> **GIVEN DATA**
(* Let $(S,d)$ be a finite metric space partitioned into two disjoint groups $S=S_1\cup S_2$, let $k_1,k_2$ be nonnegative integers with $k=k_1+k_2$, and let $r^*$ be the optimal radius of the fair $k$-center problem on this instance. For $l\in\{1,2\}$ let $\Gamma_l\subseteq S_l$ be a $2r^*$-independent center set of $S_l$, and suppose $|\Gamma_1|>k_1$ and $|\Gamma_2|>k_2$. Run Phase 1 (described in the context) on $\Gamma_1,\Gamma_2$. Then when Phase 1 completes, the resulting set $C$ satisfies $|C\cap S_l|\le k_l$ for each $l\in\{1,2\}$.
   Context: The fair $k$-center problem: a set $C\subseteq S$ is feasible if $|C\cap S_l|\le k_l$ for each $l$; its cost is $\max_{s\in S}d(s,C)$ with $d(s,C)=\min_{c\in C}d(s,c)$ and $d(s,\emptyset)=\infty$. The optimal radius $r^*$ is the minimum cost over feasible $C$. For $T\subseteq S$, a set $\Gamma\subseteq T$ is a $\lambda$-independent center set of $T$ if (1) $d(p,q)>\lambda$ for any two distinct $p,q\in\Gamma$, and (2) every $p\in T$ has some $q\in\Gamma$ with $d(p,q)\le\lambda$. Phase 1: set $C\leftarrow\emptyset$; build the bipartite auxiliary graph $G$ with vertex set $\Gamma_1\cup\Gamma_2$ in which $p\in\Gamma_1$ and $q\in\Gamma_2$ are joined by an edge iff $d(p,q)\le 3r^*$ (no other edges); then, for each vertex $i$ of degree $0$ in $G$ (in any order), if $d(C,i)>2r^*$ add $i$ to $C$; finally remove all degree-$0$ vertices from $G$. *)

From HB Require Import structures.
From mathcomp Require Import all_boot all_order all_algebra.
From mathcomp Require Import reals constructive_ereal.
Set Implicit Arguments. Unset Strict Implicit. Unset Printing Implicit Defensive.
Import Order.TTheory GRing.Theory Num.Theory.
Local Open Scope ring_scope.
Local Open Scope ereal_scope.

Section FairKCenter.
Variables (R : realType) (T : finType) (d : T -> T -> R).

Definition is_metric : Prop :=
  [/\ forall x y, d x y = 0%R <-> x = y,
      forall x y, d x y = d y x &
      forall x y z, (d x z <= d x y + d y z)%R].

Definition dist_set (C : {set T}) (s : T) : \bar R :=
  \big[mine/+oo]_(c in C) (d s c)%:E.

(* cost(C) = max_{s in S} d(s,C), S = the whole (finite) space T *)
Definition cost (C : {set T}) : \bar R :=
  \big[maxe/-oo]_(s : T) dist_set C s.

Definition feasible (S1 S2 : {set T}) (k1 k2 : nat) (C : {set T}) : bool :=
  (#|C :&: S1| <= k1)%N && (#|C :&: S2| <= k2)%N.

Definition opt_radius (S1 S2 : {set T}) (k1 k2 : nat) : \bar R :=
  \big[mine/+oo]_(C : {set T} | feasible S1 S2 k1 k2 C) cost C.

Definition indep_center_set (lam : \bar R) (Tset Gamma : {set T}) : Prop :=
  [/\ Gamma \subset Tset,
      (forall p q, p \in Gamma -> q \in Gamma -> p != q -> lam < (d p q)%:E) &
      (forall p, p \in Tset -> exists2 q, q \in Gamma & (d p q)%:E <= lam)].

Definition aux_edge (r : \bar R) (G1 G2 : {set T}) (p q : T) : bool :=
  [&& p \in G1, q \in G2 & (d p q)%:E <= 3%:E * r].

Definition deg0 (r : \bar R) (G1 G2 : {set T}) : {set T} :=
  [set i in G1 :|: G2 |
     [forall j, ~~ aux_edge r G1 G2 i j && ~~ aux_edge r G1 G2 j i]].

(* Phase 1 processing the degree-0 vertices in the order given by s *)
Definition phase1 (r : \bar R) (s : seq T) : {set T} :=
  foldl (fun C i => if 2%:E * r < dist_set C i then i |: C else C) set0 s.

End FairKCenter.

(* An optimal feasible solution C* of radius r* puts every point within r* of
   some center of C*.  A point i that Phase 1 keeps in C lies in Gamma_1, say,
   and has degree 0, so it is more than 3r* away from Gamma_2; its nearest
   optimal center c is then in S_1, since otherwise the point of Gamma_2 that
   covers c within 2r* would be within 3r* of i.  Points of C are pairwise more
   than 2r* apart, so by the triangle inequality i |-> c is injective, whence
   |C cap S_1| <= |C* cap S_1| <= k_1.  If r* = +oo the graph is complete
   bipartite, no vertex has degree 0 and C is empty. *)
From HB Require Import structures.
From mathcomp Require Import all_boot all_order all_algebra.
From mathcomp Require Import reals constructive_ereal.
From mathcomp Require Import lra.

Set Implicit Arguments.
Unset Strict Implicit.
Unset Printing Implicit Defensive.
Import Order.TTheory GRing.Theory Num.Theory.
Local Open Scope ring_scope.
Local Open Scope ereal_scope.

Section FairKCenterPhase1.
Variables (R : realType) (T : finType) (d : T -> T -> R).

Definition separated (r : \bar R) (A : {set T}) : Prop :=
  forall x y, x \in A -> y \in A -> x != y -> r < (d x y)%:E.

Lemma opt_radius_attained S1 S2 k1 k2 :
  exists2 C, feasible S1 S2 k1 k2 C & opt_radius d S1 S2 k1 k2 = cost d C.
Proof.
have feas0 : feasible S1 S2 k1 k2 set0 by rewrite /feasible !set0I cards0.
have [C ? optE] := eq_bigmin _ _ _ feas0 (fun C _ => leey (cost d C)).
by exists C; rewrite // /opt_radius optE.
Qed.

Lemma dist_set_le_cost C i : dist_set d C i <= cost d C.
Proof. exact: le_bigmax. Qed.

Lemma cost_gtNy C (i : T) : -oo < cost d C.
Proof.
apply: lt_le_trans (dist_set_le_cost C i).
by apply: lt_bigmin => [|c _]; rewrite ?ltNyr.
Qed.

Lemma cost_le_near C (r : R) :
  cost d C <= r%:E -> forall i, exists2 c, c \in C & (d i c <= r)%R.
Proof.
move=> costC i; apply/exists_inP; apply: contraTT costC => /exists_inPn far.
rewrite -ltNge; apply: lt_le_trans (dist_set_le_cost C i).
by apply: lt_bigmin => [|c /far]; rewrite ?ltry // lte_fin ltNge.
Qed.

Definition phase1_step (r : \bar R) (C : {set T}) (i : T) : {set T} :=
  if 2%:E * r < dist_set d C i then i |: C else C.

Lemma phase1E r s : phase1 d r s = foldl (phase1_step r) set0 s.
Proof. by []. Qed.

Lemma mem_phase1 r s x : x \in phase1 d r s -> x \in s.
Proof.
rewrite phase1E; suff: forall C0, x \in foldl (phase1_step r) C0 s ->
  (x \in C0) || (x \in s) by move=> /[apply]; rewrite inE.
elim: s => [|a s IHs] C0 /=; first by rewrite orbF.
move=> /IHs; rewrite inE /phase1_step.
by case: ifP => _; rewrite ?inE; case: (x == a); rewrite ?orbT.
Qed.

Lemma aux_edgeC r G1 G2 p q :
  (forall x y, d x y = d y x) ->
  aux_edge d r G1 G2 p q = aux_edge d r G2 G1 q p.
Proof. by move=> dsym; rewrite /aux_edge dsym andbCA. Qed.

Lemma deg0C r G1 G2 :
  (forall x y, d x y = d y x) -> deg0 d r G1 G2 = deg0 d r G2 G1.
Proof.
move=> dsym; apply/setP => i; rewrite !inE orbC; congr (_ && _).
apply: eq_forallb => j.
by rewrite (aux_edgeC r G1 G2 i j dsym) (aux_edgeC r G1 G2 j i dsym) andbC.
Qed.

Lemma deg0_pinfty (G1 G2 : {set T}) p q :
  p \in G1 -> q \in G2 -> deg0 d +oo G1 G2 = set0.
Proof.
have edge x y : x \in G1 -> y \in G2 -> aux_edge d +oo G1 G2 x y.
  by move=> xG1 yG2; rewrite /aux_edge xG1 yG2 gt0_muley ?leey ?lte_fin.
move=> pG1 qG2; apply/setP => i; rewrite inE in_set0.
case/boolP: (i \in G1 :|: G2) => //= /setUP[iG1 | iG2]; apply/negbTE/forallPn.
- by exists q; rewrite (edge i q).
- by exists p; rewrite (edge p i) ?andbF.
Qed.

Lemma deg0_far (r : R) (G1 G2 : {set T}) i q :
  i \in deg0 d r%:E G1 G2 -> i \in G1 -> q \in G2 -> (3 * r < d i q)%R.
Proof.
rewrite inE => /andP[_ /forallP/(_ q)/andP[+ _]] iG1 qG2.
by rewrite /aux_edge iG1 qG2 -EFinM lee_fin /= -ltNge.
Qed.

Section Metric.
Hypotheses (dsym : forall x y, d x y = d y x)
           (tri : forall x y z, (d x z <= d x y + d y z)%R).

Lemma separated_phase1 r s : separated (2%:E * r) (phase1 d r s).
Proof.
rewrite phase1E; have : separated (2%:E * r) set0 by move=> x y; rewrite inE.
elim: s set0 => [|a s IHs] C0 sepC0 //=; apply: IHs; rewrite /phase1_step.
case: ifP => // far x y; rewrite !inE.
have near c : c \in C0 -> 2%:E * r < (d a c)%:E.
  by move=> cC0; apply: lt_le_trans far (bigmin_le_cond _ _ cC0).
case/predU1P => [->|xC0]; case/predU1P => [->|yC0]; rewrite ?eqxx // => xy.
- exact: near.
- by rewrite dsym; apply: near.
- exact: sepC0.
Qed.

Lemma card_separated_le (r : R) (A B : {set T}) :
  separated (2%:E * r%:E) A ->
  (forall x, x \in A -> exists2 c, c \in B & (d x c <= r)%R) ->
  (#|A| <= #|B|)%N.
Proof.
move=> sepA coverA.
pose f x := odflt x [pick c in B | (d x c <= r)%R].
have fP x : x \in A -> f x \in B /\ (d x (f x) <= r)%R.
  move=> /coverA[c cB dxc]; rewrite /f.
  by case: pickP => [c' /andP[]|/(_ c)] //; rewrite cB dxc.
have f_inj : {in A &, injective f}.
  move=> x y xA yA fxy; apply/eqP; apply: contraTT isT => xy.
  have := sepA x y xA yA xy; rewrite -EFinM lte_fin.
  have [_ dx] := fP x xA; have [_ dy] := fP y yA.
  move: (tri x (f x) y); rewrite fxy (dsym (f y)) in dx * => tri_xy.
  by lra.
rewrite -(card_in_imset f_inj); apply/subset_leq_card/subsetP.
by move=> _ /imsetP[x xA ->]; case: (fP x xA).
Qed.

Lemma phase1_card_le (r : R) (S1 S2 G1 G2 Cs : {set T}) (s : seq T) :
  S1 :&: S2 = set0 -> S1 :|: S2 = setT ->
  indep_center_set d (2%:E * r%:E) S2 G2 ->
  cost d Cs <= r%:E ->
  {subset s <= deg0 d r%:E G1 G2} ->
  (#|phase1 d r%:E s :&: S1| <= #|Cs :&: S1|)%N.
Proof.
move=> S12 S1S2 [G2S2 _ coverS2] costCs s_deg0.
apply: (@card_separated_le r) => [x y /setIP[xC _] /setIP[yC _]|].
  exact: separated_phase1 xC yC.
move=> i /setIP[/mem_phase1/s_deg0 i_deg0 iS1].
have iG1 : i \in G1.
  move: (i_deg0); rewrite !inE => /andP[/orP[//|/(subsetP G2S2) iS2] _].
  by move: (in_set0 i); rewrite -S12 inE iS1 iS2.
have [c cCs dic] := cost_le_near costCs i.
exists c => //; rewrite inE cCs /=.
case/boolP: (c \in S1) => // cS1.
have cS2 : c \in S2 by move: (in_setT c); rewrite -S1S2 inE (negbTE cS1).
have [q qG2] := coverS2 c cS2.
rewrite -EFinM lee_fin => dcq.
by have := deg0_far i_deg0 iG1 qG2; have := tri i c q; lra.
Qed.

End Metric.

End FairKCenterPhase1.

Theorem lemma3 (R : realType) (T : finType) (d : T -> T -> R)
  (S1 S2 : {set T}) (k1 k2 : nat) (Gamma1 Gamma2 : {set T}) (s : seq T) :
  is_metric d ->
  S1 :&: S2 = set0 -> S1 :|: S2 = setT ->
  let rstar := opt_radius d S1 S2 k1 k2 in
  indep_center_set d (2%:E * rstar) S1 Gamma1 ->
  indep_center_set d (2%:E * rstar) S2 Gamma2 ->
  (k1 < #|Gamma1|)%N -> (k2 < #|Gamma2|)%N ->
  perm_eq s (enum (deg0 d rstar Gamma1 Gamma2)) ->
  let C := phase1 d rstar s in
  (#|C :&: S1| <= k1)%N /\ (#|C :&: S2| <= k2)%N.
Proof.
move=> [_ dsym tri] S12 S1S2 rstar indep1 indep2 k1G1 k2G2 s_deg0 C.
have [Cs /andP[Cs1 Cs2] rstarE] := opt_radius_attained d S1 S2 k1 k2.
rewrite -/rstar in rstarE; clearbody rstar.
have [p pG1] : exists p, p \in Gamma1.
  by apply/set0Pn; rewrite -card_gt0 (leq_ltn_trans _ k1G1).
have [q qG2] : exists q, q \in Gamma2.
  by apply/set0Pn; rewrite -card_gt0 (leq_ltn_trans _ k2G2).
have sub_deg0 : {subset s <= deg0 d rstar Gamma1 Gamma2}.
  by move=> x; rewrite (perm_mem s_deg0) mem_enum.
have [rstar_oo | rstar_fin] := eqVneq rstar +oo.
  suff -> : C = set0 by rewrite !set0I cards0.
  apply/setP => x; rewrite inE; apply/negbTE/negP => /mem_phase1/sub_deg0.
  by rewrite rstar_oo (deg0_pinfty d pG1 qG2) inE.
have [r rE] : exists r, rstar = r%:E.
  exists (fine rstar); rewrite fineK // fin_numE rstar_fin andbT.
  by rewrite rstarE gt_eqF // (cost_gtNy d Cs p).
subst C; rewrite {}rE in rstarE indep1 indep2 sub_deg0 *.
have costCs : cost d Cs <= r%:E by rewrite rstarE.
split; [apply: leq_trans Cs1 | apply: leq_trans Cs2].
- exact: (phase1_card_le dsym tri S12 S1S2 indep2 costCs sub_deg0).
- rewrite deg0C // in sub_deg0.
  rewrite setIC in S12; rewrite setUC in S1S2.
  exact: (phase1_card_le dsym tri S12 S1S2 indep1 costCs sub_deg0).
Qed.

> **ASSIGNMENT**
Check each line of the records for the word "andP" and extract those that contain it.

> **EXERCISE RESULT**
rewrite inE => /andP[_ /forallP/(_ q)/andP[+ _]] iG1 qG2.
  by case: pickP => [c' /andP[]|/(_ c)] //; rewrite cB dxc.
  move: (i_deg0); rewrite !inE => /andP[/orP[//|/(subsetP G2S2) iS2] _].
have [Cs /andP[Cs1 Cs2] rstarE] := opt_radius_attained d S1 S2 k1 k2.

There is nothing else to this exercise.